Problem details:
Would you please transcribe the records below from the line with "pow_one_sub_inv_le_exp; exact Hx|]." through their final line, exactly and with no other lines?

Data for processing:
(* [(1 - 1/x)^n <= exp (-n/x)], from [1 + y <= exp y]. *)
Lemma pow_one_sub_inv_le_exp (x : R) (n : nat) :
  1 <= x -> (1 - / x) ^ n <= exp (- (INR n / x)).
Proof.
  intros Hx.
  assert (Hinv : / x <= 1) by (rewrite <- Rinv_1; apply Rinv_le_contravar; lra).
  replace (- (INR n / x)) with (INR n * - / x) by (unfold Rdiv; ring).
  rewrite <- exp_pow; apply pow_incr; split; [lra|].
  pose proof (exp_ineq1_le (- / x)); lra.
Qed.

(* [(1 - 1/N)^N <= 1/e <= 37/100], stated on integers. *)
Lemma euler_bound (N : nat) : (1 <= N)%nat -> (100 * (N - 1) ^ N <= 37 * N ^ N)%nat.
Proof.
  intros HN; apply INR_le.
  rewrite !mult_INR, !pow_INR, minus_INR by exact HN.
  assert (Hx : 1 <= INR N) by (apply (le_INR 1 N) in HN; exact HN).
  assert (Hpow : (1 - / INR N) ^ N <= 37 / 100).
  { eapply Rle_trans; [apply pow_one_sub_inv_le_exp; exact Hx|].
    replace (INR N / INR N) with 1 by (field; lra).
    rewrite exp_Ropp; replace (37 / 100) with (/ (100 / 37)) by field.
    apply Rinv_le_contravar; [lra | exact exp_1_lb]. }
  replace (INR 1) with 1 by reflexivity.
  replace (INR N - 1) with (INR N * (1 - / INR N)) by (field; lra).
  rewrite Rpow_mult_distr.
  assert (HNN : 0 <= INR N ^ N) by (apply pow_le; lra).
  replace (INR 100) with 100 by (rewrite INR_IZR_INZ; reflexivity).
  replace (INR 37) with 37 by (rewrite INR_IZR_INZ; reflexivity).
  nra.
Qed.

End EulerBound.

From HB Require Import structures.
From mathcomp Require Import all_boot all_order all_algebra.
From mathcomp Require Import lra.
Import Order.TTheory GRing.Theory Num.Theory.
Set Implicit Arguments. Unset Strict Implicit. Unset Printing Implicit Defensive.
Local Open Scope ring_scope.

Response box:
  { eapply Rle_trans; [apply pow_one_sub_inv_le_exp; exact Hx|].
    replace (INR N / INR N) with 1 by (field; lra).
    rewrite exp_Ropp; replace (37 / 100) with (/ (100 / 37)) by field.
    apply Rinv_le_contravar; [lra | exact exp_1_lb]. }
  replace (INR 1) with 1 by reflexivity.
  replace (INR N - 1) with (INR N * (1 - / INR N)) by (field; lra).
  rewrite Rpow_mult_distr.
  assert (HNN : 0 <= INR N ^ N) by (apply pow_le; lra).
  replace (INR 100) with 100 by (rewrite INR_IZR_INZ; reflexivity).
  replace (INR 37) with 37 by (rewrite INR_IZR_INZ; reflexivity).
  nra.
Qed.

End EulerBound.

From HB Require Import structures.
From mathcomp Require Import all_boot all_order all_algebra.
From mathcomp Require Import lra.
Import Order.TTheory GRing.Theory Num.Theory.
Set Implicit Arguments. Unset Strict Implicit. Unset Printing Implicit Defensive.
Local Open Scope ring_scope.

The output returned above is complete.